Saved entries
┏━━

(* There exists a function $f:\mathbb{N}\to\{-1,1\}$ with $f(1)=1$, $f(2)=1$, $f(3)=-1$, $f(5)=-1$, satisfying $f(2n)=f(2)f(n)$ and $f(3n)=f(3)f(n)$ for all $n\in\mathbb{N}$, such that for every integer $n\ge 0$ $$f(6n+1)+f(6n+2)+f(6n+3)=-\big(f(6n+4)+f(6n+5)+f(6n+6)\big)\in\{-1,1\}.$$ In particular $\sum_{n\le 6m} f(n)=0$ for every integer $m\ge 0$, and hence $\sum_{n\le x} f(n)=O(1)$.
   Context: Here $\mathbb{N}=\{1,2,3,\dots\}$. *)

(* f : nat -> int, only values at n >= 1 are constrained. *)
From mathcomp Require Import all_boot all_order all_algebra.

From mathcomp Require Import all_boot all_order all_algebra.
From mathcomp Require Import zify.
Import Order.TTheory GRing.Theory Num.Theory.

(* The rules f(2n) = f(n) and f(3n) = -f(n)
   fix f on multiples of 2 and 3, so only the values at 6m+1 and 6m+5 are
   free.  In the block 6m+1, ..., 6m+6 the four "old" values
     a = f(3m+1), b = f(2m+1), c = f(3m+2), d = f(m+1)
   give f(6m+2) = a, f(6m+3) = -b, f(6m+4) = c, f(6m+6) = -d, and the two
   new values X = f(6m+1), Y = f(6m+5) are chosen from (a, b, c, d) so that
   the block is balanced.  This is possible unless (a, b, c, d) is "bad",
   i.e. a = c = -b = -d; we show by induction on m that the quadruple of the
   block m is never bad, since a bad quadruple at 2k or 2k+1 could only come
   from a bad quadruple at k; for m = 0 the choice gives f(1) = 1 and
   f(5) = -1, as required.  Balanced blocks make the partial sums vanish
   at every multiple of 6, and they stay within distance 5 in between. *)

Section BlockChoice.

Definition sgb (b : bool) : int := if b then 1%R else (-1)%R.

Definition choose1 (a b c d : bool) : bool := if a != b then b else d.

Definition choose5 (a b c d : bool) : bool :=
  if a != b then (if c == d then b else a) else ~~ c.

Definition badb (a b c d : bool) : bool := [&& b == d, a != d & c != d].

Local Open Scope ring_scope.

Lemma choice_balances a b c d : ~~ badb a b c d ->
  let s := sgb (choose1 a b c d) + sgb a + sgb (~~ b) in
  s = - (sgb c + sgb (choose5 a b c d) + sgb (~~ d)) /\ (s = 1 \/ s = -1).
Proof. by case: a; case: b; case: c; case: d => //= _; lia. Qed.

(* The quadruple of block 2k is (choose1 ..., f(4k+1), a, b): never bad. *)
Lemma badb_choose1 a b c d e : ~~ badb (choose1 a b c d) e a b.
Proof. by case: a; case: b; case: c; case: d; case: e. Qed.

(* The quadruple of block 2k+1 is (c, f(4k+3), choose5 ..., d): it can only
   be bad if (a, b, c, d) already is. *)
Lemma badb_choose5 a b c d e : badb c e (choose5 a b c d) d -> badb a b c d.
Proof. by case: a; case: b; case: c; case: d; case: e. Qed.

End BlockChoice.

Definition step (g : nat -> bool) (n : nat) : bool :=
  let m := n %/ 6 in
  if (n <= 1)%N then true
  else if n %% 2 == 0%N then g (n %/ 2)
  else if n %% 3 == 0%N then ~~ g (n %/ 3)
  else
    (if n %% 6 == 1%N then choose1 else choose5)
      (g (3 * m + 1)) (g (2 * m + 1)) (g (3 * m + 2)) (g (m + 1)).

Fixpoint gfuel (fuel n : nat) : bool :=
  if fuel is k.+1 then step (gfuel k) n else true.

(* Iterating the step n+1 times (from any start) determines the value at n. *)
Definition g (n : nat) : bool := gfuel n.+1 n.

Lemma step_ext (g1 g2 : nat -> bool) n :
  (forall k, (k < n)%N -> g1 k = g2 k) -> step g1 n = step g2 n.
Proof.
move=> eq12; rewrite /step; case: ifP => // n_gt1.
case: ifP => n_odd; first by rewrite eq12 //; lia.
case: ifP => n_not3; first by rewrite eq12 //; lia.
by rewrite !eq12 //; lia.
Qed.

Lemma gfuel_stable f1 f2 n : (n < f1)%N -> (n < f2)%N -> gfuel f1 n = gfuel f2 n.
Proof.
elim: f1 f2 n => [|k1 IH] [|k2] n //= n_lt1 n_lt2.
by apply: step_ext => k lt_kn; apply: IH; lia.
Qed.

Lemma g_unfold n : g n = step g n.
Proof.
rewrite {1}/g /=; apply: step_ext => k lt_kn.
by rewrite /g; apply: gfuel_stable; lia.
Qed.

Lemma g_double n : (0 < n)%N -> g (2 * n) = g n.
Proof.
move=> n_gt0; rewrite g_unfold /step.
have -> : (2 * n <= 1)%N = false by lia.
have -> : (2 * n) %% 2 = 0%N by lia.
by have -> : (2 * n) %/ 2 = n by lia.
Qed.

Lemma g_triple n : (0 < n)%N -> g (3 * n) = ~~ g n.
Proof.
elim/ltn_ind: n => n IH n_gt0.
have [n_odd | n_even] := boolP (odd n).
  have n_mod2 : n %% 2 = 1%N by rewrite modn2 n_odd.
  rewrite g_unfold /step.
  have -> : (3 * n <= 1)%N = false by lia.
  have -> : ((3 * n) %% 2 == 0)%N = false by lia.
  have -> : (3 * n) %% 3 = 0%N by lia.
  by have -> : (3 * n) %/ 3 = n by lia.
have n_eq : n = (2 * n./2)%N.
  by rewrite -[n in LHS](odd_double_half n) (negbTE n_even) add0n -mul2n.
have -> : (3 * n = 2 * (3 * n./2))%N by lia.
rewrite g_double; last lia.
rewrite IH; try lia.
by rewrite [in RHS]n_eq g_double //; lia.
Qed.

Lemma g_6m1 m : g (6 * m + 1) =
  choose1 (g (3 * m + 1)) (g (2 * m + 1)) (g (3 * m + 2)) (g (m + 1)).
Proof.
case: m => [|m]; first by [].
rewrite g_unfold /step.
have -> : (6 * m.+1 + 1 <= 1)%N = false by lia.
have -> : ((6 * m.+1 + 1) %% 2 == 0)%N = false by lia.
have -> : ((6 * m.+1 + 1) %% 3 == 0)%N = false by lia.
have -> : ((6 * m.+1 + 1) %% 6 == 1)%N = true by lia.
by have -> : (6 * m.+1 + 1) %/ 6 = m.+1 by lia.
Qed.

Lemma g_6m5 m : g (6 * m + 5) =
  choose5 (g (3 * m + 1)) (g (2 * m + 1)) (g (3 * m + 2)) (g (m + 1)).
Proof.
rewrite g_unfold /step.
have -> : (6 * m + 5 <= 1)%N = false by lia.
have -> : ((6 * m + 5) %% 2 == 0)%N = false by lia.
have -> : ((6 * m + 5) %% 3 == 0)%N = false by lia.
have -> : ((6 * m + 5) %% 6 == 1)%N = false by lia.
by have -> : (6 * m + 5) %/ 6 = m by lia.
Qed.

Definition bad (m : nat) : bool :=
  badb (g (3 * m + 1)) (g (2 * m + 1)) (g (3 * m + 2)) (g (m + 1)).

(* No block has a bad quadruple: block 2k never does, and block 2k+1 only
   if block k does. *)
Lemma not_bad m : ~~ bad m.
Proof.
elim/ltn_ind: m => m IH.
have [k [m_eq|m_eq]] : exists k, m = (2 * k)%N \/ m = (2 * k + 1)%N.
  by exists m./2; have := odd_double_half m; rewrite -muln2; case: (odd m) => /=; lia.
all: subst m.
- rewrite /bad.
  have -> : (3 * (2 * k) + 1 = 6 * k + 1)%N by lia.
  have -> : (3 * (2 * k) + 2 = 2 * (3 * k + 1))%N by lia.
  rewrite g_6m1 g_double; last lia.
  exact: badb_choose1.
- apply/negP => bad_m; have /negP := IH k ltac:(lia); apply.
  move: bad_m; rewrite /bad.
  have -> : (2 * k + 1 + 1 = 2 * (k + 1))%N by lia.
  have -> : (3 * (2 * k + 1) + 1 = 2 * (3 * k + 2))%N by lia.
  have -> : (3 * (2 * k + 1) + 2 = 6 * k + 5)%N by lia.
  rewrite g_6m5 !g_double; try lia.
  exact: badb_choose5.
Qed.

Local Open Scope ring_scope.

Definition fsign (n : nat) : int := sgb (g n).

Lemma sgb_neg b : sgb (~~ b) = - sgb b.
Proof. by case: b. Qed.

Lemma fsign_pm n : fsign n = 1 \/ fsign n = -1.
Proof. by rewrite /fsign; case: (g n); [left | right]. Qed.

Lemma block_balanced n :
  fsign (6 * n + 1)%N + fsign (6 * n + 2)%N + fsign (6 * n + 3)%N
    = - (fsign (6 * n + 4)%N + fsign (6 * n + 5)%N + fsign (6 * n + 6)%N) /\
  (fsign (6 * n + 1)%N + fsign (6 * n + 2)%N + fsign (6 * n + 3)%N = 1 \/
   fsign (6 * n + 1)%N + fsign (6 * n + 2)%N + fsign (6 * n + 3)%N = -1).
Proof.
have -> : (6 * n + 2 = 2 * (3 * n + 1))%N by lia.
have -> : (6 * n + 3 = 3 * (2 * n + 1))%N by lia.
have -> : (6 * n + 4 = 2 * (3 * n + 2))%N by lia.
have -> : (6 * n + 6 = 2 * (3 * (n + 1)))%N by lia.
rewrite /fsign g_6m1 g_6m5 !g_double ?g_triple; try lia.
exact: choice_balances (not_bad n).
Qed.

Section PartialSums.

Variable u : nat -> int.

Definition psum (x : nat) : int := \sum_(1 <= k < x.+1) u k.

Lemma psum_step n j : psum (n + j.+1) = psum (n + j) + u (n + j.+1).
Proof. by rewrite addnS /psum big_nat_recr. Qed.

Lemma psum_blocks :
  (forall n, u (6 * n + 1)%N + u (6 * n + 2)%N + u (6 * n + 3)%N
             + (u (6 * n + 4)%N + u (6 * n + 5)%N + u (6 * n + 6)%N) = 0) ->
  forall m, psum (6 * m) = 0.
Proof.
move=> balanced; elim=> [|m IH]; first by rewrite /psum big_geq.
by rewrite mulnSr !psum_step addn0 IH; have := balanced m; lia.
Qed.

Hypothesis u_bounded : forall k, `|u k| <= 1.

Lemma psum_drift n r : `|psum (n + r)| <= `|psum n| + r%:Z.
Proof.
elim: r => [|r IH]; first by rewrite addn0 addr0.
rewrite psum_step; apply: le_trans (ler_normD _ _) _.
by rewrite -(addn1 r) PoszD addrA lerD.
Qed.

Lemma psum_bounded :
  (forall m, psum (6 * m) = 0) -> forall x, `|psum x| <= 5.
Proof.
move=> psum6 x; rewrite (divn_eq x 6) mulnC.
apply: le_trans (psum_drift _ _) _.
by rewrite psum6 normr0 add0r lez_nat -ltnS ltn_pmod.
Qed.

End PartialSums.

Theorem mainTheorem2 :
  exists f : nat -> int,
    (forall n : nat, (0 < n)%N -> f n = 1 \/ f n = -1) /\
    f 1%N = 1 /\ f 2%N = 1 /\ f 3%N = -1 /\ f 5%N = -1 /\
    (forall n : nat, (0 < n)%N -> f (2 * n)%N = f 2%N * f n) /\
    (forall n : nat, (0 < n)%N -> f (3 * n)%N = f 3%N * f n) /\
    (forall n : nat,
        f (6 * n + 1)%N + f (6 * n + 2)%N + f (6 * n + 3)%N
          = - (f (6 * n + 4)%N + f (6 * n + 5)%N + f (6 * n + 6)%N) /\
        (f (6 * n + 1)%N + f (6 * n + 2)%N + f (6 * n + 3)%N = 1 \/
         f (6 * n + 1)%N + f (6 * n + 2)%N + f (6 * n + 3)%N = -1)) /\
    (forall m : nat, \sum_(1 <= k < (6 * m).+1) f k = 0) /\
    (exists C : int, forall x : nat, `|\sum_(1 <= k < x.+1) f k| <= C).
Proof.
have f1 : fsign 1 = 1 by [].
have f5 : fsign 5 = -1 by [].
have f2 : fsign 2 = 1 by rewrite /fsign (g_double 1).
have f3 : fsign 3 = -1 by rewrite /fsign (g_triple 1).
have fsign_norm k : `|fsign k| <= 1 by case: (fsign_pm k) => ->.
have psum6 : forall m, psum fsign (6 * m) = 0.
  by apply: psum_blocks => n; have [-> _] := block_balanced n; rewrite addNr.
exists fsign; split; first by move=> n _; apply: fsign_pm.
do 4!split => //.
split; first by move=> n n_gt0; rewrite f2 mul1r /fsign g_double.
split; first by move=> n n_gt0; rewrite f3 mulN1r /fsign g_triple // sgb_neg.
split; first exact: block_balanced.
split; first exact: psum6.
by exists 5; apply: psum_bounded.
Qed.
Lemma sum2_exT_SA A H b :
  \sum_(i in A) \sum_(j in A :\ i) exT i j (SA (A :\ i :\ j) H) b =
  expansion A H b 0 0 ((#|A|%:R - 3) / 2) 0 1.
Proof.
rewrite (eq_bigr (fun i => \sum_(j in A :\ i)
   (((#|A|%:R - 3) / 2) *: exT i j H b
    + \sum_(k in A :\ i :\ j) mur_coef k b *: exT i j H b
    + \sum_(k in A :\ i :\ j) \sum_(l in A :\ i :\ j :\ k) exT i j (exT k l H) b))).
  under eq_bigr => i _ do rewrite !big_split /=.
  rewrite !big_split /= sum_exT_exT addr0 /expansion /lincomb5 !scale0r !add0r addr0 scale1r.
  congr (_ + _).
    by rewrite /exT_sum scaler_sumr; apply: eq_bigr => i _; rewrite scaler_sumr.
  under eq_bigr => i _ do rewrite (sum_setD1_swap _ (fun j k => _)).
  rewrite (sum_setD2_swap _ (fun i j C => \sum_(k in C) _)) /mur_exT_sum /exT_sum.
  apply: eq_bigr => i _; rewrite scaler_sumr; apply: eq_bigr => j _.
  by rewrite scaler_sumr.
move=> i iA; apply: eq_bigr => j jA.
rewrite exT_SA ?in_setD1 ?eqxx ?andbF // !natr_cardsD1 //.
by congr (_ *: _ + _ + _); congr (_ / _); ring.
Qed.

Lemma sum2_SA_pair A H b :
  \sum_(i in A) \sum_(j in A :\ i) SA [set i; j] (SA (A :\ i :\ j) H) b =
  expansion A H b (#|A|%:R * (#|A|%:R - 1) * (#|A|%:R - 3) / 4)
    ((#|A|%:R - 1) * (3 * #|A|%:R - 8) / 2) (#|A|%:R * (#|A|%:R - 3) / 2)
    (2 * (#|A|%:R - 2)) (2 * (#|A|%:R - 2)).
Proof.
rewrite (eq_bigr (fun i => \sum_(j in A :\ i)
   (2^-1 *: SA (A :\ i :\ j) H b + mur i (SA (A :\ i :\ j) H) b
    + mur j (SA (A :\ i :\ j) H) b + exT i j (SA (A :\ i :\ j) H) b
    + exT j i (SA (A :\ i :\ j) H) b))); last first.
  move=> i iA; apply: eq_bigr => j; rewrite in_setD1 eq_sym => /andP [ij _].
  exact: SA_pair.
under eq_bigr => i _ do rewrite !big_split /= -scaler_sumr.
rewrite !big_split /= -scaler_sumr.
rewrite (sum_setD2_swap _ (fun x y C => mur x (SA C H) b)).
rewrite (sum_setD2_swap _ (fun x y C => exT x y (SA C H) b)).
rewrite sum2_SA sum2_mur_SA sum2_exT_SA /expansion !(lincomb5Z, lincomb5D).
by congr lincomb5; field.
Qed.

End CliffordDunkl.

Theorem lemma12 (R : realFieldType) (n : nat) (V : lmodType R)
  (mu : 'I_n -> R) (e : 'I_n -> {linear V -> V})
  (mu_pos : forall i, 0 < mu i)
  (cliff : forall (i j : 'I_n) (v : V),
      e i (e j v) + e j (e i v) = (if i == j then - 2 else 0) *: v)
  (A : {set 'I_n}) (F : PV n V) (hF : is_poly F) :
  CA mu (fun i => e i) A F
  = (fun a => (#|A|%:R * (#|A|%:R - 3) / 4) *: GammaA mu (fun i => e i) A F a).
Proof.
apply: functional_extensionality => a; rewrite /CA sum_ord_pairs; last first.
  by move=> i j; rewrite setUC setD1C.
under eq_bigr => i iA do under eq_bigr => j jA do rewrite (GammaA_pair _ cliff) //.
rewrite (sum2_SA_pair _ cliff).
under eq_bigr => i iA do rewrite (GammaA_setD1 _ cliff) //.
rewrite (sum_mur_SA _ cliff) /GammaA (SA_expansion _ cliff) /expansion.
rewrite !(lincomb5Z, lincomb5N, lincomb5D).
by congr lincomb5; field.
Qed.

┗━━

Wherever a line in the entries holds "under", copy that line.

* SOLVED EXERCISE
  under eq_bigr => i _ do rewrite !big_split /=.
  under eq_bigr => i _ do rewrite (sum_setD1_swap _ (fun j k => _)).
under eq_bigr => i _ do rewrite !big_split /= -scaler_sumr.
under eq_bigr => i iA do under eq_bigr => j jA do rewrite (GammaA_pair _ cliff) //.
under eq_bigr => i iA do rewrite (GammaA_setD1 _ cliff) //.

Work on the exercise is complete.